The Euskadi Cancer Registry, an office created in 1986 and attached to the Ministry of Health, does not have up-to-date information on the real prevalence of the pathology, which is the main cause of death in men and children under 15 and the second in women, according to documentation collected by this newspaper. The latest consolidated data for the entire autonomous community dates from 2019, again according to these references. Many internal sources claim that this lack of data has already meant that the autonomous community has not been able to provide in October 2025 the data required by the REDECAN system, the Spanish network of regional archives, nor to respond by January 2026 to European (ENCR) and global (IACR) requests.
REDECAN indicates that the Cancer Registry is a fundamental tool to “know the incidence of cancer disease, its trend, survival and epidemiological prevalence, cataloged by location or geographic area, age groups, sex or other characterizations that may be useful.” It is expected to collect data from both Osakidetza and private centers. It also “facilitates the analysis of the clinical evolution of different types of cancer” and makes it possible to “contribute to the development of research”. In the recent Oncological Plan, from October, there was talk of “strengthening the collaboration of the Euskadi Cancer Registry with national and international registries”, particularly with regard to childhood cases, but the incidence data was presented for the period from 2001 to 2019.
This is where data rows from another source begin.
Definition e1 := 0%N. Definition e2 := 1%N. Definition f1 := 2%N.

Definition Rmodel (n : nat) : structc :=
  mkSC match n with
  | 1 => [:: (e1,e1,e1); (e2,e2,e2)]
  | 2 => [:: (e1,e1,e1); (e2,e2,e2); (e1,f1,f1); (f1,e1,f1)]
  | 3 => [:: (e1,e1,e1); (e2,e2,e2); (e1,f1,f1); (f1,e1,f1); (f1,f1,e1)]
  | 4 => [:: (e1,e1,e1); (e2,e2,e2); (f1,e1,f1)]
  | 5 => [:: (e1,e1,e1); (e2,e2,e2); (e1,f1,f1)]
  | 6 => [:: (e1,e1,e1); (e2,e2,e2); (e1,f1,f1); (f1,f1,e1)]
  | 7 => [:: (e1,e1,e1); (e2,e2,e2); (e2,f1,f1); (f1,e1,f1)]
  | 8 => [:: (e1,e1,e1); (e2,e2,e2); (e2,f1,f1); (f1,e1,f1); (f1,f1,e2)]
  | 9 => [:: (e1,e1,e1)]
  | 10 => [:: (e1,e1,e1); (f1,f1,e2)]
  | 11 => [:: (e1,e1,e1); (f1,e1,f1)]
  | 12 => [:: (e1,e1,e1); (f1,e1,f1); (f1,f1,e2)]
  | 13 => [:: (e1,e1,e1); (e1,f1,f1)]
  | 14 => [:: (e1,e1,e1); (e1,f1,f1); (f1,f1,e1)]
  | 15 => [:: (e1,e1,e1); (e1,f1,f1); (f1,e1,f1)]
  | 16 => [:: (e1,e1,e1); (e1,f1,f1); (f1,e1,f1); (f1,f1,e1)]
  | 17 => [:: (e1,e1,e1); (e1,e2,e2); (e2,e1,e2)]
  | 18 => [:: (e1,e1,e1); (e1,e2,e2); (e2,e1,e2); (e1,f1,f1)]
  | 19 => [:: (e1,e1,e1); (e1,e2,e2); (e2,e1,e2); (e1,f1,f1); (f1,f1,e2)]
  | 20 => [:: (e1,e1,e1); (e1,e2,e2); (e2,e1,e2); (f1,e1,f1)]
  | 21 => [:: (e1,e1,e1); (e1,e2,e2); (e2,e1,e2); (e1,f1,f1); (f1,e1,f1)]
  | 22 => [:: (e1,e1,e1); (e1,e2,e2); (e2,e1,e2); (e1,f1,f1); (f1,e1,f1); (f1,f1,e2)]
  | 23 => [:: (e1,e1,e1); (e1,e2,e2)]
  | 24 => [:: (e1,e1,e1); (e1,e2,e2); (f1,f1,e2)]
  | 25 => [:: (e1,e1,e1); (e2,e1,e2)]
  | 26 => [:: (e1,e1,e1); (e2,e1,e2); (e1,f1,f1)]
  | 27 => [:: (e1,e1,e1); (e2,e1,e2); (e1,f1,f1); (f1,f1,e1)]
  | 28 => [:: (e1,e1,e1); (e2,e1,e2); (e1,f1,f1); (f1,f1,e2)]
  | 29 => [:: (e1,e1,e1); (e1,e2,e2); (f1,e1,f1)]
  | 30 => [:: (e1,e1,e1); (e1,e2,e2); (f1,e1,f1); (f1,f1,e2)]
  | 31 => [:: (e1,e1,e1); (e2,e1,e2); (f1,e1,f1)]
  | 32 => [:: (e1,e1,e1); (e1,e2,e2); (e1,f1,f1)]
  | 33 => [:: (e1,e1,e1); (e2,e1,e2); (e1,f1,f1); (f1,e1,f1)]
  | 34 => [:: (e1,e1,e1); (e2,e1,e2); (e1,f1,f1); (f1,e1,f1); (f1,f1,e1)]
  | 35 => [:: (e1,e1,e1); (e2,e1,e2); (e1,f1,f1); (f1,e1,f1); (f1,f1,e2)]
  | 36 => [:: (e1,e1,e1); (e1,e2,e2); (e1,f1,f1); (f1,e1,f1)]
  | 37 => [:: (e1,e1,e2)]
  | 38 => [:: (e1,e1,e2); (f1,f1,e2)]
  | 39 => [:: (f1,f1,e1)]
  | _ => [::]
  end.

(* A graded structure of type (2,1) consists of its even part, a
   two-dimensional algebra, the scalars a_i, b_i with e_i f1 = a_i f1 and
   f1 e_i = b_i f1, and the even vector f1 f1.  The even part is brought to a
   normal form by a change of basis: it is zero if all squares vanish; if some
   y has y and y^2 independent, the basis (y, y^2) presents it as a quotient
   of t C[t] whose type is read off from the roots of a cubic; otherwise every
   square lies on its own line, which produces an idempotent e1, and then
   e1 e2 and e2 e1 are 0 or e2.  For each of the seven normal forms, the right
   alternative identities with an odd argument force a_i, b_i into {0, 1},
   and f1 f1 is normalized by rescaling f1 by a square root, which leaves
   exactly the models R01-R39. *)

From mathcomp Require Import all_boot all_algebra complex.
From mathcomp Require Import ring Rstruct.
From Stdlib Require Import Classical FunctionalExtensionality.
Set Implicit Arguments. Unset Strict Implicit. Unset Printing Implicit Defensive.
Import GRing.Theory Num.Theory.
Local Open Scope ring_scope.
In light of the documentation to which this newspaper has had access, Euskadi has been facing a problem in this matter for years. Lack of staff, incomplete IT developments are mixed together – despite the annual aid of 50,000 euros that the autonomous community has received from the Ministry of Health at least since 2024 – and the apparent neglect of internal complaints that have been occurring for months. The problem is particularly pressing in Biscay, but data recording also poses problems in Álava. The situation is better in Gipuzkoa.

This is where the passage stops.